Data for analysis:
(* Let $G$ be a finite group and $T$ a $G$-Tambara functor. Then there is an isomorphism of frames $\mathrm{RadId}_G(T)\cong \Omega(\operatorname{Spec}_{\mathbf{Nak}}(T))$, where $\Omega(X)$ denotes the frame of open subsets of a space $X$.
   Context: All rings are commutative with unit. A $G$-Tambara functor $T$ consists of commutative rings $T(G/H)$ for subgroups $H\le G$ with restriction ring maps, additive transfer maps, multiplicative norm maps and conjugation isomorphisms satisfying the standard Tambara axioms (Hill–Mazur). A Tambara ideal is a family of ring ideals $I(G/H)\subseteq T(G/H)$ closed under restriction, transfer, norm and conjugation; it is proper if $1\notin I(G/G)$. $\langle x\rangle$ denotes the Tambara ideal generated by an element $x$; the product $IJ$ is the Tambara ideal generated by the levelwise products $I(G/H)J(G/H)$. The radical $\sqrt I$ has $\sqrt I(G/H)=\{x\mid \langle x\rangle^n\subseteq I\text{ for some }n\ge1\}$; $I$ is radical if $I=\sqrt I$. $\mathrm{RadId}_G(T)$ is the set of radical Tambara ideals ordered by inclusion (a frame with meets intersections and joins $\sqrt{\sum_\lambda I_\lambda}$). A proper Tambara ideal $P$ is prime if $IJ\subseteq P$ implies $I\subseteq P$ or $J\subseteq P$ for all Tambara ideals $I,J$. $\operatorname{Spec}_{\mathbf{Nak}}(T)$ is the set of prime Tambara ideals with the topology having the sets $V_H(x)=\{P\mid x\in P(G/H)\}$ ($H\le G$, $x\in T(G/H)$) as a subbasis of closed sets. *)

From HB Require Import structures.
From mathcomp Require Import all_boot all_order all_algebra all_fingroup.
Unset Printing Implicit Defensive.
Import GRing.Theory.
Local Open Scope ring_scope.

(* The finite group G is the whole finGroupType gT; its subgroups are the
   {group gT}.  The
   structure maps are total functions which are only constrained (by the
   axioms below) in the meaningful situations:
     tres H K : T(G/H) -> T(G/K)      (restriction,  K <= H)
     ttr  H K : T(G/K) -> T(G/H)      (transfer,     K <= H)
     tnm  H K : T(G/K) -> T(G/H)      (norm,         K <= H)
     tcj g H K : T(G/H) -> T(G/K)     (conjugation,  K = H :^ g = g^-1 H g). *)
Record tambara_data (gT : finGroupType) := TambaraData {
  tT : {group gT} -> comPzRingType;
  tres : forall H K : {group gT}, tT H -> tT K;
  ttr : forall H K : {group gT}, tT K -> tT H;
  tnm : forall H K : {group gT}, tT K -> tT H;
  tcj : forall (g : gT) (H K : {group gT}), tT H -> tT K
}.
Arguments tT {gT} t H.
Arguments tres {gT} t H K _.
Arguments ttr {gT} t H K _.
Arguments tnm {gT} t H K _.
Arguments tcj {gT} t g H K _.

Definition is_dcrep {gT : finGroupType} (L K : {set gT}) (x : gT) : bool :=
  [pick y in (L :* x * K)%g] == Some x.

(* Sections of  Z = coprod_i H/J_i  -->  H/K  (J_i <= K <= H): a function on
   left cosets C = xK in H/K choosing an index i and a left coset D = yJ_i
   contained in C; it is None outside H/K. *)
Definition tsection (gT : finGroupType) (n : nat) :=
  {ffun {set gT} -> option ('I_n * {set gT})}.

Definition is_tsection {gT : finGroupType} (H K : {set gT}) {n : nat}
    (J : 'I_n -> {group gT}) (s : tsection gT n) : bool :=
  [forall C : {set gT},
     if C \in lcosets K H then
       (if s C is Some (i, D) then (D \in lcosets (J i) H) && (D \subset C)
        else false)
     else s C == None].

Definition sect_act {gT : finGroupType} {n : nat} (h : gT) (s : tsection gT n)
  : tsection gT n :=
  [ffun C => omap (fun p => (p.1, (h *: p.2)%g)) (s (h^-1 *: C)%g)].

Definition is_sect_rep {gT : finGroupType} (H K : {set gT}) {n : nat}
    (J : 'I_n -> {group gT}) (s : tsection gT n) : bool :=
  [pick t | is_tsection H K J t && [exists h in H, t == sect_act h s]] == Some s.

Definition sect_stab {gT : finGroupType} (H : {set gT}) {n : nat}
    (s : tsection gT n) : {group gT} :=
  (<< [set h in H | sect_act h s == s] >>)%G.

(* right-hand side of Tambara reciprocity:
   N_K^H (sum_i tr_{J_i}^K a_i)
     = sum_{[s] in H\Sect} tr_{L_s}^H prod_{x in L_s\H/K}
          N_{L_s cap xKx^-1}^{L_s} res^{yJ_iy^-1}_{L_s cap xKx^-1} c_y (a_i)
   where s(xK) = (i, yJ_i). *)
Definition recip_term {gT : finGroupType} (T : tambara_data gT)
    (K L : {group gT}) {n : nat} (J : 'I_n -> {group gT})
    (a : forall i, tT T (J i)) (s : tsection gT n) (x : gT) : tT T L :=
  match s (x *: K)%g with
  | Some (i, D) =>
      let y := repr D in
      tnm T L (L :&: K :^ x^-1)%G
        (tres T (J i :^ y^-1)%G (L :&: K :^ x^-1)%G
           (tcj T y^-1 (J i) (J i :^ y^-1)%G (a i)))
  | None => 1
  end.

Definition recip_rhs {gT : finGroupType} (T : tambara_data gT)
    (H K : {group gT}) {n : nat} (J : 'I_n -> {group gT})
    (a : forall i, tT T (J i)) : tT T H :=
  \sum_(s : tsection gT n | is_tsection H K J s && is_sect_rep H K J s)
     ttr T H (sect_stab H s)
       (\prod_(x in H | is_dcrep (sect_stab H s) K x)
           recip_term T K (sect_stab H s) J a s x).

Definition is_tambara {gT : finGroupType} (T : tambara_data gT) : Prop :=
  (forall (H K : {group gT}), K \subset H ->
     tres T H K 1 = 1 /\
     (forall x y, tres T H K (x + y) = tres T H K x + tres T H K y) /\
     (forall x y, tres T H K (x * y) = tres T H K x * tres T H K y)) /\
  (forall (H : {group gT}) x, tres T H H x = x) /\
  (forall (H K L : {group gT}) x, L \subset K -> K \subset H ->
     tres T K L (tres T H K x) = tres T H L x) /\
  (forall (H K : {group gT}) x y, K \subset H ->
     ttr T H K (x + y) = ttr T H K x + ttr T H K y) /\
  (forall (H : {group gT}) x, ttr T H H x = x) /\
  (forall (H K L : {group gT}) x, L \subset K -> K \subset H ->
     ttr T H K (ttr T K L x) = ttr T H L x) /\
  (forall (H K : {group gT}), K \subset H ->
     tnm T H K 1 = 1 /\
     (forall x y, tnm T H K (x * y) = tnm T H K x * tnm T H K y)) /\
  (forall (H : {group gT}) x, tnm T H H x = x) /\
  (forall (H K L : {group gT}) x, L \subset K -> K \subset H ->
     tnm T H K (tnm T K L x) = tnm T H L x) /\
  (forall g (H K : {group gT}), (K :=: H :^ g)%g ->
     tcj T g H K 1 = 1 /\
     (forall x y, tcj T g H K (x + y) = tcj T g H K x + tcj T g H K y) /\
     (forall x y, tcj T g H K (x * y) = tcj T g H K x * tcj T g H K y)) /\
  (forall g h (H K L : {group gT}) x, (K :=: H :^ g)%g -> (L :=: K :^ h)%g ->
     tcj T h K L (tcj T g H K x) = tcj T (g * h)%g H L x) /\
  (forall h (H : {group gT}) x, h \in H -> tcj T h H H x = x) /\
  (forall g (H K H' K' : {group gT}), K \subset H ->
     (H' :=: H :^ g)%g -> (K' :=: K :^ g)%g ->
     (forall x, tcj T g K K' (tres T H K x) = tres T H' K' (tcj T g H H' x)) /\
     (forall x, tcj T g H H' (ttr T H K x) = ttr T H' K' (tcj T g K K' x)) /\
     (forall x, tcj T g H H' (tnm T H K x) = tnm T H' K' (tcj T g K K' x))) /\
  (forall (H K : {group gT}) a b, K \subset H ->
     ttr T H K (a * tres T H K b) = ttr T H K a * b) /\
  (forall (H J K : {group gT}) a, J \subset H -> K \subset H ->
     tres T H J (ttr T H K a) =
     \sum_(x in H | is_dcrep J K x)
        ttr T J (J :&: K :^ x^-1)%G
          (tcj T x^-1 (K :&: J :^ x)%G (J :&: K :^ x^-1)%G
             (tres T K (K :&: J :^ x)%G a))) /\
  (forall (H J K : {group gT}) a, J \subset H -> K \subset H ->
     tres T H J (tnm T H K a) =
     \prod_(x in H | is_dcrep J K x)
        tnm T J (J :&: K :^ x^-1)%G
          (tcj T x^-1 (K :&: J :^ x)%G (J :&: K :^ x^-1)%G
             (tres T K (K :&: J :^ x)%G a))) /\
  (forall (H K : {group gT}) (n : nat) (J : 'I_n -> {group gT})
          (a : forall i, tT T (J i)),
     K \subset H -> (forall i, J i \subset K) ->
     tnm T H K (\sum_(i < n) ttr T K (J i) (a i)) = recip_rhs T H K J a).

Record tambara (gT : finGroupType) := Tambara {
  tdata :> tambara_data gT;
  tdata_ax : is_tambara tdata
}.

Definition tpred {gT : finGroupType} (T : tambara_data gT) :=
  forall H : {group gT}, tT T H -> Prop.

Definition tsub {gT : finGroupType} {T : tambara_data gT} (I J : tpred T) :=
  forall H x, I H x -> J H x.

Definition is_tideal {gT : finGroupType} {T : tambara_data gT} (I : tpred T)
  : Prop :=
  (forall H, I H 0) /\
  (forall H x y, I H x -> I H y -> I H (x + y)) /\
  (forall H x y, I H y -> I H (x * y)) /\
  (forall (H K : {group gT}) x, K \subset H -> I H x -> I K (tres T H K x)) /\
  (forall (H K : {group gT}) x, K \subset H -> I K x -> I H (ttr T H K x)) /\
  (forall (H K : {group gT}) x, K \subset H -> I K x -> I H (tnm T H K x)) /\
  (forall g (H K : {group gT}) x, (K :=: H :^ g)%g -> I H x -> I K (tcj T g H K x)).

Definition tgen {gT : finGroupType} {T : tambara_data gT} (S : tpred T)
  : tpred T :=
  fun H x => forall I : tpred T, is_tideal I -> tsub S I -> I H x.

Definition tprinc {gT : finGroupType} {T : tambara_data gT} {H0 : {group gT}}
    (x0 : tT T H0) : tpred T :=
  tgen (fun H y => existT (fun K => tT T K) H y = existT _ H0 x0).

Definition lprod {gT : finGroupType} {T : tambara_data gT} (I J : tpred T)
  : tpred T :=
  fun H z => exists n (a b : 'I_n -> tT T H),
    (forall k, I H (a k)) /\ (forall k, J H (b k)) /\
    z = \sum_(k < n) a k * b k.

Definition tprod {gT : finGroupType} {T : tambara_data gT} (I J : tpred T)
  : tpred T := tgen (lprod I J).

(* I^n for n >= 1 (I^1 = I, I^(m+1) = I^m I) *)
Fixpoint tpow {gT : finGroupType} {T : tambara_data gT} (I : tpred T) (n : nat)
  : tpred T :=
  match n with
  | 0 => I
  | 1 => I
  | m.+1 => tprod (tpow I m) I
  end.

Definition tsqrt {gT : finGroupType} {T : tambara_data gT} (I : tpred T)
  : tpred T :=
  fun H x => exists n : nat, (1 <= n)%N /\ tsub (tpow (tprinc x) n) I.

Definition is_radical {gT : finGroupType} {T : tambara_data gT} (I : tpred T)
  : Prop :=
  is_tideal I /\ (forall H x, I H x <-> tsqrt I H x).

Definition is_tprime {gT : finGroupType} {T : tambara_data gT} (P : tpred T)
  : Prop :=
  is_tideal P /\ ~ P [set: gT]%G 1 /\
  (forall I J : tpred T, is_tideal I -> is_tideal J ->
     tsub (tprod I J) P -> tsub I P \/ tsub J P).

Definition RadId {gT : finGroupType} (T : tambara_data gT) :=
  {I : tpred T | is_radical I}.

Definition SpecNak {gT : finGroupType} (T : tambara_data gT) :=
  {P : tpred T | is_tprime P}.

Definition V_closed {gT : finGroupType} {T : tambara_data gT} {H : {group gT}}
    (x : tT T H) : SpecNak T -> Prop :=
  fun P => sval P H x.

(* open sets of the topology on Spec_Nak(T) having the V_H(x) as a subbasis of
   closed sets: unions of finite intersections of complements of V_H(x) *)
Definition is_open_spec {gT : finGroupType} {T : tambara_data gT}
    (U : SpecNak T -> Prop) : Prop :=
  forall P, U P -> exists (n : nat) (Hs : 'I_n -> {group gT})
                          (xs : forall k, tT T (Hs k)),
    (forall k, ~ V_closed (xs k) P) /\
    (forall Q, (forall k, ~ V_closed (xs k) Q) -> U Q).

Definition OpenSpec {gT : finGroupType} (T : tambara_data gT) :=
  {U : SpecNak T -> Prop | is_open_spec U}.

(* isomorphism of frames RadId_G(T) -> Omega(Spec_Nak(T)): a bijection
   preserving binary meets (intersections on both sides), the top element and
   arbitrary joins (sqrt of the sum on the left, unions on the right). *)
Definition frame_iso {gT : finGroupType} {T : tambara_data gT}
    (phi : RadId T -> OpenSpec T) : Prop :=
  bijective phi /\
  (forall I J R : RadId T,
     (forall H x, sval R H x <-> sval I H x /\ sval J H x) ->
     forall P, sval (phi R) P <-> sval (phi I) P /\ sval (phi J) P) /\
  (forall R : RadId T, (forall H x, sval R H x) -> forall P, sval (phi R) P) /\
  (forall (S : RadId T -> Prop) (R : RadId T),
     (forall H x, sval R H x <->
        tsqrt (tgen (fun K y => exists I : RadId T, S I /\ sval I K y)) H x) ->
     forall P, sval (phi R) P <-> exists I : RadId T, S I /\ sval (phi I) P).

Activity: Gather up every line from the listing above in which the word "with" occurs.

Exercise solution:
   Context: All rings are commutative with unit. A $G$-Tambara functor $T$ consists of commutative rings $T(G/H)$ for subgroups $H\le G$ with restriction ring maps, additive transfer maps, multiplicative norm maps and conjugation isomorphisms satisfying the standard Tambara axioms (Hill–Mazur). A Tambara ideal is a family of ring ideals $I(G/H)\subseteq T(G/H)$ closed under restriction, transfer, norm and conjugation; it is proper if $1\notin I(G/G)$. $\langle x\rangle$ denotes the Tambara ideal generated by an element $x$; the product $IJ$ is the Tambara ideal generated by the levelwise products $I(G/H)J(G/H)$. The radical $\sqrt I$ has $\sqrt I(G/H)=\{x\mid \langle x\rangle^n\subseteq I\text{ for some }n\ge1\}$; $I$ is radical if $I=\sqrt I$. $\mathrm{RadId}_G(T)$ is the set of radical Tambara ideals ordered by inclusion (a frame with meets intersections and joins $\sqrt{\sum_\lambda I_\lambda}$). A proper Tambara ideal $P$ is prime if $IJ\subseteq P$ implies $I\subseteq P$ or $J\subseteq P$ for all Tambara ideals $I,J$. $\operatorname{Spec}_{\mathbf{Nak}}(T)$ is the set of prime Tambara ideals with the topology having the sets $V_H(x)=\{P\mid x\in P(G/H)\}$ ($H\le G$, $x\in T(G/H)$) as a subbasis of closed sets. *)
  match s (x *: K)%g with
  match n with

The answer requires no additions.